#### [TRY IT]
Copy, word for word, the lines of the entries below between the one with "Definition rmod_iso (gs" and the one with "(forall m r, in_rmod", inclusive, and leave out everything else.

#### [DATA SUPPLIED]
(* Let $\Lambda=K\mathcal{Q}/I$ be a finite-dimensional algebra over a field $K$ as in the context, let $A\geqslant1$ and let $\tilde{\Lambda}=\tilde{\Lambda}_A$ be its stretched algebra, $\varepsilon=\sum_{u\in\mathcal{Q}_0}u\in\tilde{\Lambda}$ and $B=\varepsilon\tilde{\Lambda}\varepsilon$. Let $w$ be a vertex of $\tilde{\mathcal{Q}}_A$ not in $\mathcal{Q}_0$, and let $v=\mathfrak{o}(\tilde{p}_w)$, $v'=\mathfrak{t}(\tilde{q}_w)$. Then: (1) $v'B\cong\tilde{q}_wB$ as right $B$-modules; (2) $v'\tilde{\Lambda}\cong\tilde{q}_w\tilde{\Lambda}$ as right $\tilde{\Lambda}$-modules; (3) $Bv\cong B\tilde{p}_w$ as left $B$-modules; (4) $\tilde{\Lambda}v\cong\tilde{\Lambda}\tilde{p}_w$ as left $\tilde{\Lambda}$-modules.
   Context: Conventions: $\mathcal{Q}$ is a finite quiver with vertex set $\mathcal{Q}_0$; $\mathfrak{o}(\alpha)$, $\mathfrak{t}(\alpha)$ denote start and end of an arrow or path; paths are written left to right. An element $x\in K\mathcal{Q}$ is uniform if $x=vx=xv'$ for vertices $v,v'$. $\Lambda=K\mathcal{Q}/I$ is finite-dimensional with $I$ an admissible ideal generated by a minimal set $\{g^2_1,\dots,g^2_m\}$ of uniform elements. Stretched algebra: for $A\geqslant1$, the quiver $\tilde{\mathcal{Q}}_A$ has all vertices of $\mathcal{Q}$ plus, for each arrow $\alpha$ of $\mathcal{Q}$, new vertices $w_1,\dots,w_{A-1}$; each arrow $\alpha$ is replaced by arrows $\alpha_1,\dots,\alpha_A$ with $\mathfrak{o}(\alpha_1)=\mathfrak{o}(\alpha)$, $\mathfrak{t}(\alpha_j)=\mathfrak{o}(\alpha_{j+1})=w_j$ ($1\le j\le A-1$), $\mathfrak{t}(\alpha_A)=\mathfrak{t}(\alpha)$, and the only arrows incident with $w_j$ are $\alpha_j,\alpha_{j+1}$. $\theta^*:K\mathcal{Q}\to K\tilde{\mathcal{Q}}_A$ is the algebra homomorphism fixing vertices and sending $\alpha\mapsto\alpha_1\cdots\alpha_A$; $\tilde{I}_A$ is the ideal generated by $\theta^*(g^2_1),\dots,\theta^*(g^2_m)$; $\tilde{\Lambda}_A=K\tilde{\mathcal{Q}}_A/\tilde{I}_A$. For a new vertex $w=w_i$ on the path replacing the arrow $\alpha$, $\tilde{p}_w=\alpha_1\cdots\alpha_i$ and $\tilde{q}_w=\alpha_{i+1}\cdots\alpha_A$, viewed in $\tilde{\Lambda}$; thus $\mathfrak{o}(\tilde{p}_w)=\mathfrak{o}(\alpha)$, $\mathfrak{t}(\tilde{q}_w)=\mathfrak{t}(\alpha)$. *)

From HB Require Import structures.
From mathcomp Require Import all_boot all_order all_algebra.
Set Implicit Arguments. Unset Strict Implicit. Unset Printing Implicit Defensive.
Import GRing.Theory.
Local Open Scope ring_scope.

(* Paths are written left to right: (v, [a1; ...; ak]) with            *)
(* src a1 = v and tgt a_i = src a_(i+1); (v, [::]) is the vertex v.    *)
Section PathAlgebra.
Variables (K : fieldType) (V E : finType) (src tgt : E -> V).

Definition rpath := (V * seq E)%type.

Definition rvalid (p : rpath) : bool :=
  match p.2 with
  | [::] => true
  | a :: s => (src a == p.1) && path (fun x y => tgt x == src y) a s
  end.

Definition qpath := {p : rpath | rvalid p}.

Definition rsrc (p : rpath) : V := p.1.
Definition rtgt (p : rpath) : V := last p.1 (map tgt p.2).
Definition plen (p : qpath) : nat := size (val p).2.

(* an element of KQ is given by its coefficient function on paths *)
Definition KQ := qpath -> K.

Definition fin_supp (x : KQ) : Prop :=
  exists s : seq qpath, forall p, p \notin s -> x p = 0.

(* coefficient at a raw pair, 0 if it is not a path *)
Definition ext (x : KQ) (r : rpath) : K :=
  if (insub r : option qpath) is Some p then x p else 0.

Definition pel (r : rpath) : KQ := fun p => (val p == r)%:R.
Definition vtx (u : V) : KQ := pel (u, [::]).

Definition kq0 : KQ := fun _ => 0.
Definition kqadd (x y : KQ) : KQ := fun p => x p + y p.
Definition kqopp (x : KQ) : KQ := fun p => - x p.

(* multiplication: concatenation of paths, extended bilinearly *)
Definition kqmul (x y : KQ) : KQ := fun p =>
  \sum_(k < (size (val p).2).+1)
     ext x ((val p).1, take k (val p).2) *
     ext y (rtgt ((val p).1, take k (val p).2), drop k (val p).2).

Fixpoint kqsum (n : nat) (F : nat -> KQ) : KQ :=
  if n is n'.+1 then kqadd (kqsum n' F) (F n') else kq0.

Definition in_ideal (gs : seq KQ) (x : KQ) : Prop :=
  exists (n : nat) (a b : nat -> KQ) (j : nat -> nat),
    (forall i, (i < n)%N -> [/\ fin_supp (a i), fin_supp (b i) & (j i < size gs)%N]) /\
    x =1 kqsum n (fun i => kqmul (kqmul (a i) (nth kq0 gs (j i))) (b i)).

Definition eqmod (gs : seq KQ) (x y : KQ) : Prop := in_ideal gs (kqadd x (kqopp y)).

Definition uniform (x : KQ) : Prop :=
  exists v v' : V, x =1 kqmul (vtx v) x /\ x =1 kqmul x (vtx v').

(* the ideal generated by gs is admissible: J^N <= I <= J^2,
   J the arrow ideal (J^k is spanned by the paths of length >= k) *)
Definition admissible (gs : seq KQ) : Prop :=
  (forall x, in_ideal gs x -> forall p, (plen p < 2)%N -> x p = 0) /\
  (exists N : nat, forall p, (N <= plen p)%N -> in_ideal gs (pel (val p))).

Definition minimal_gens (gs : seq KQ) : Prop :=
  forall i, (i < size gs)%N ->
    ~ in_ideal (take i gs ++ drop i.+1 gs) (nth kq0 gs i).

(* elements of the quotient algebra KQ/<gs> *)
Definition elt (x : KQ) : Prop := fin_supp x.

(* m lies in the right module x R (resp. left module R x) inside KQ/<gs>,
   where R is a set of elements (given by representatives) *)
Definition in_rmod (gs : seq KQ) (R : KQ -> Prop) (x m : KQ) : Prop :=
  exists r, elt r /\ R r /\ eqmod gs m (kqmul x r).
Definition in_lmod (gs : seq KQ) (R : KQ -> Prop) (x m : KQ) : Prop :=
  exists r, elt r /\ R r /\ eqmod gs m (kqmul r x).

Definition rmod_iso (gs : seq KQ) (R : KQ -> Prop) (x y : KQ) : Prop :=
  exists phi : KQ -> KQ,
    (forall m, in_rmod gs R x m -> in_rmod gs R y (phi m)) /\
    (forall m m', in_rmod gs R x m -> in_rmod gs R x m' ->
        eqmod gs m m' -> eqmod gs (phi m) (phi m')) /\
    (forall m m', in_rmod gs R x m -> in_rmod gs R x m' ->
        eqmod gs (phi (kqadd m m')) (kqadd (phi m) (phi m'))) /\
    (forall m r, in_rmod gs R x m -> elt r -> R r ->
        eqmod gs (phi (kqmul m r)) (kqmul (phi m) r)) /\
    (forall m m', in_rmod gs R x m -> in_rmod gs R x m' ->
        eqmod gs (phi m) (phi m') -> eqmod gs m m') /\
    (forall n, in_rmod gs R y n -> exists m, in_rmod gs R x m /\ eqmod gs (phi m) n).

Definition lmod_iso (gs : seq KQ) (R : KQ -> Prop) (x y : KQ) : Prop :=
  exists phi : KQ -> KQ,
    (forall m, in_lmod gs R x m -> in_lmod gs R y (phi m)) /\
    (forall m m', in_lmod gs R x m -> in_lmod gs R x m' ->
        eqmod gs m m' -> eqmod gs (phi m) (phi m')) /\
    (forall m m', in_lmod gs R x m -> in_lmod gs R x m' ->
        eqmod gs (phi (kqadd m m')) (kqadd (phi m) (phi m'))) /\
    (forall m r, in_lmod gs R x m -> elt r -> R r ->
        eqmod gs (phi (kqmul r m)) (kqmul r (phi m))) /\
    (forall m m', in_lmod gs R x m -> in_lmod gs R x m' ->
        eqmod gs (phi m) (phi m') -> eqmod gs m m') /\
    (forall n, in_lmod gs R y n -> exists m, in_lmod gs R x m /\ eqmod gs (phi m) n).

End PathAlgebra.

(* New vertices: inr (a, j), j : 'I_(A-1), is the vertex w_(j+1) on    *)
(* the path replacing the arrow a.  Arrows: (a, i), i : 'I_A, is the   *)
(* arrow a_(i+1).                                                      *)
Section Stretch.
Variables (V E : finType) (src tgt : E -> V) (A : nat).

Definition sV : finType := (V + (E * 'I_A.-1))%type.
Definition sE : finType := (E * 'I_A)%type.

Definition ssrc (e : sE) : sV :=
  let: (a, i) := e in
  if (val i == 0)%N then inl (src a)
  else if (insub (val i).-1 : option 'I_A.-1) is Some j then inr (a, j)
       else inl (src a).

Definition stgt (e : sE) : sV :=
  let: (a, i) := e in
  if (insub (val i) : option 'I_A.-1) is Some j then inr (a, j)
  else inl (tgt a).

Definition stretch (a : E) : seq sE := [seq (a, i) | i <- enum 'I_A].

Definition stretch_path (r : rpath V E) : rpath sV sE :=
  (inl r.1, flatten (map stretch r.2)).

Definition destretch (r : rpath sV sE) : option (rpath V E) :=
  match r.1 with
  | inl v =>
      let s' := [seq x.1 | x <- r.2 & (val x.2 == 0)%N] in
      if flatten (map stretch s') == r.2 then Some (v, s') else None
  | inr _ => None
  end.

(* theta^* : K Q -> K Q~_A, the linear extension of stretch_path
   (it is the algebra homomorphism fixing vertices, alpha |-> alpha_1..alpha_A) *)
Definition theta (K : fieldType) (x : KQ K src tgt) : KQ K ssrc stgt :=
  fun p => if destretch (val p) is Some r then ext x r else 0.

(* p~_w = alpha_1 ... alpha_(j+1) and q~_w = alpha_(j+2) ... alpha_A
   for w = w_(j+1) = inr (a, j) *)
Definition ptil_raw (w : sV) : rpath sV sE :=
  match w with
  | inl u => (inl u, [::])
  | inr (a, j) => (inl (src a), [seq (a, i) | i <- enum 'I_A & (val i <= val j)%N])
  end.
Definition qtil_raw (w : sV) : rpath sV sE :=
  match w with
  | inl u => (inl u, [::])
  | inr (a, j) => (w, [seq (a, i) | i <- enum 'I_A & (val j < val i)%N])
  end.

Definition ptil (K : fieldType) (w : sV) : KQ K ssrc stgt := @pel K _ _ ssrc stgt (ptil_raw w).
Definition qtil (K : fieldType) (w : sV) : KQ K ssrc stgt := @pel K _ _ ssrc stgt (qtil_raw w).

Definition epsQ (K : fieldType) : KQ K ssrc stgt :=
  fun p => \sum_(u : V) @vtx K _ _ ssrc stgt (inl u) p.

#### [PROBLEM SOLUTION]
Definition rmod_iso (gs : seq KQ) (R : KQ -> Prop) (x y : KQ) : Prop :=
  exists phi : KQ -> KQ,
    (forall m, in_rmod gs R x m -> in_rmod gs R y (phi m)) /\
    (forall m m', in_rmod gs R x m -> in_rmod gs R x m' ->
        eqmod gs m m' -> eqmod gs (phi m) (phi m')) /\
    (forall m m', in_rmod gs R x m -> in_rmod gs R x m' ->
        eqmod gs (phi (kqadd m m')) (kqadd (phi m) (phi m'))) /\
    (forall m r, in_rmod gs R x m -> elt r -> R r ->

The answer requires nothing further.